(* Let $K$ be a field of characteristic $p>0$ and $A^*$ a graded Hopf algebra over $K$ with a decreasing filtration satisfying (E1), (E2), (E3), (E4), (E6), (E7), (E8), and let $M^*$ be an unstable $A^*$-module. Then: (1) $\Sigma^{-1}\operatorname{Coker}\lambda_{M^*}$ is an unstable $A^*$-module; (2) if moreover the filtration satisfies (E9), then $\Sigma^{-1}\operatorname{Ker}\lambda_{M^*}$ is an unstable $A^*$-module.
   Context: Let $A^*$ be a graded Hopf algebra over a field $K$ of characteristic $p$, with product $\mu$ and a decreasing filtration $(F_iA^* )_{i\in\mathbb Z}$ by graded subspaces; $E_i^jA^*=(F_iA^* )^j/(F_{i+1}A^* )^j$. A left $A^*$-module $M^*$ with structure map $\alpha$ is unstable if $\alpha(F_{n+1}A^*\otimes M^n)=0$ for all $n$; then $\alpha$ induces $\bar\alpha_{M,n}\colon A^*/F_{n+1}A^*\otimes M^n\to M^*$. $(\Sigma^nV^* )^i=V^{i-n}$. Conditions: (E1) $F_iA^*=A^*$ for $i\le0$; (E2) $\bigcap_iF_iA^*=0$; (E3) each $F_iA^*$ is a left ideal; (E4) $\mu(F_iA^*\otimes A^j)\subset F_{i-j}A^*$; (E6) $E_{2i+\varepsilon}^kA^*=0$ if $k<2i(p-1)+\varepsilon$ or $2i+\varepsilon+k\not\equiv0,2\pmod{2p}$ ($i,k\in\mathbb Z$, $\varepsilon\in\{0,1\}$); (E7) $\dim E_{2i+\varepsilon}^{2i(p-1)+\varepsilon}A^*=1$ for $i\ge0$; (E8) for $i,j\ge0$, $\varepsilon\in\{0,1\}$, the map $\tilde\mu_{2i+\varepsilon}^{2i(p-1)+\varepsilon,j}\colon E_{2i+\varepsilon}^{2i(p-1)+\varepsilon}A^*\otimes(A^*/F_{2i-j+\varepsilon+1}A^* )^j\to E_{2i-j+\varepsilon}^{2i(p-1)+j+\varepsilon}A^*$, $[a]\otimes[b]\mapsto[ab]$, is an isomorphism. For $i,j\ge0$, $\varepsilon\in\{0,1\}$ put $\kappa=\varepsilon$ if $j$ is even and $\kappa=1-\varepsilon$ if $j$ is odd, and let $\gamma_{i,j,\varepsilon}$ be the composite of the map $A^{pj-(p-2)(\varepsilon-\kappa)}\otimes E_{2i-j+\varepsilon}^{(2i-j+\varepsilon-\kappa)(p-1)+\kappa}A^*\to E_{2i-j+\varepsilon}^{2i(p-1)+j+\varepsilon}A^*$ induced by left multiplication with $(\tilde\mu_{2i+\varepsilon}^{2i(p-1)+\varepsilon,j})^{-1}$. (E9): for every $k$, $\gamma_{i,j,\varepsilon}$ maps $(F_kA^* )^{pj-(p-2)(\varepsilon-\kappa)}\otimes E_{2i-j+\varepsilon}^{(2i-j+\varepsilon-\kappa)(p-1)+\kappa}A^*$ into $E_{2i+\varepsilon}^{2i(p-1)+\varepsilon}A^*\otimes(F_{\lceil k/p\rceil}A^*/F_{2i-j+\varepsilon+1}A^* )^j$. The module $\Phi M^*$: as a graded vector space $(\Phi M^* )^{2ip+2\varepsilon}=E_{2i+\varepsilon}^{2i(p-1)+\varepsilon}A^*\otimes M^{2i+\varepsilon}$ and $(\Phi M^* )^k=0$ for $k\not\equiv0,2\pmod{2p}$; the $A^*$-action is given on homogeneous pieces by: $A^{2jp}\otimes E_{2i+\varepsilon}^{2i(p-1)+\varepsilon}A^*\otimes M^{2i+\varepsilon}\to E_{2(i+j)+\varepsilon}^{2(i+j)(p-1)+\varepsilon}A^*\otimes M^{2(i+j)+\varepsilon}$ equal to $(1\otimes\bar\alpha_{M,2i+\varepsilon})\circ(\gamma_{i+j,2j,\varepsilon}\otimes1)$; $A^{2jp+2}\otimes E_{2i}^{2i(p-1)}A^*\otimes M^{2i}\to E_{2(i+j)+1}^{2(i+j)(p-1)+1}A^*\otimes M^{2(i+j)+1}$ equal to $(1\otimes\bar\alpha_{M,2i})\circ(\gamma_{i+j,2j+1,1}\otimes1)$; $A^{2jp-2}\otimes E_{2i+1}^{2i(p-1)+1}A^*\otimes M^{2i+1}\to E_{2(i+j)}^{2(i+j)(p-1)}A^*\otimes M^{2(i+j)}$ equal to $(1\otimes\bar\alpha_{M,2i+1})\circ(\gamma_{i+j,2j-1,0}\otimes1)$; all other components are zero. $\lambda_M\colon\Phi M^*\to M^*$ is given by $[a]\otimes x\mapsto ax$ on $E_{2i+\varepsilon}^{2i(p-1)+\varepsilon}A^*\otimes M^{2i+\varepsilon}$; it is a homomorphism of $A^*$-modules, so its kernel and cokernel are $A^*$-modules. *)

From HB Require Import structures.
From mathcomp Require Import all_boot all_order all_algebra.
Set Implicit Arguments. Unset Strict Implicit. Unset Printing Implicit Defensive.
Import Order.TTheory GRing.Theory Num.Theory.
Local Open Scope ring_scope.

(* (only ever used when i = j holds; the 0 branch is never reached).        *)
Definition gcast (K : fieldType) (V : int -> lmodType K) (i j : int) (x : V i)
  : V j :=
  match @eqP _ i j with
  | ReflectT e => eq_rect i V x j e
  | ReflectF _ => 0
  end.
Arguments gcast {K} V {i j} x.

Definition subspace (K : fieldType) (V : lmodType K) (P : {pred V}) : Prop :=
  0 \in P /\ forall (c : K) (u v : V), u \in P -> v \in P -> c *: u + v \in P.

Record galg (K : fieldType) := GAlg {
  gA :> int -> lmodType K;
  gmul : forall i j, gA i -> gA j -> gA (i + j);
  gone : gA 0;
  gmulDl : forall i j (r : K) (a b : gA i) (c : gA j),
      gmul (r *: a + b) c = r *: gmul a c + gmul b c;
  gmulDr : forall i j (r : K) (a : gA i) (b c : gA j),
      gmul a (r *: b + c) = r *: gmul a b + gmul a c;
  gmulA : forall i j k (a : gA i) (b : gA j) (c : gA k),
      gmul (gmul a b) c = gcast gA (gmul a (gmul b c));
  gmul1l : forall j (a : gA j), gmul gone a = gcast gA a;
  gmul1r : forall j (a : gA j), gmul a gone = gcast gA a
}.
Arguments gmul {K A i j} : rename.
Arguments gone {K A} : rename.

(* A decreasing filtration (F_i A^* )_{i in Z} by graded subspaces:
   gF i k is the subspace (F_i A^* )^k of A^k. *)
Unset Implicit Arguments.
Record gfilt (K : fieldType) (A : galg K) := GFilt {
  gF :> int -> forall k : int, {pred A k};
  gF_sub : forall i k : int, subspace (gF i k);
  gF_decr : forall (i k : int) (a : A k), a \in gF (i + 1) k -> a \in gF i k
}.

Set Implicit Arguments.
Arguments gfilt {K} A.
Arguments gF {K A} _ _ _ : rename.
Arguments gF_sub {K A}.
Arguments gF_decr {K A}.

Record gmod (K : fieldType) (A : galg K) := GMod {
  gM :> int -> lmodType K;
  gact : forall i j, A i -> gM j -> gM (i + j);
  gactDl : forall i j (r : K) (a b : A i) (x : gM j),
      gact (r *: a + b) x = r *: gact a x + gact b x;
  gactDr : forall i j (r : K) (a : A i) (x y : gM j),
      gact a (r *: x + y) = r *: gact a x + gact a y;
  gactA : forall i j k (a : A i) (b : A j) (x : gM k),
      gact (gmul a b) x = gcast gM (gact a (gact b x));
  gact1 : forall j (x : gM j), gact gone x = gcast gM x
}.
Arguments gact {K A M i j} : rename.

Section Conditions.
Variables (K : fieldType) (p : nat) (A : galg K) (F : gfilt A).
Local Notation P := (p%:Z).

(* phi is a linear functional on the quotient space PP/QQ (QQ <= PP):       *)
Definition is_funcl (V : lmodType K) (PP QQ : {pred V}) (phi : V -> K) : Prop :=
  (forall (c : K) (u v : V), u \in PP -> v \in PP ->
      phi (c *: u + v) = c * phi u + phi v) /\
  (forall u, u \in QQ -> phi u = 0).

_Work task_
Filter the listing above, keeping only the lines with "Local".

_Output for this task_
Local Open Scope ring_scope.
Local Notation P := (p%:Z).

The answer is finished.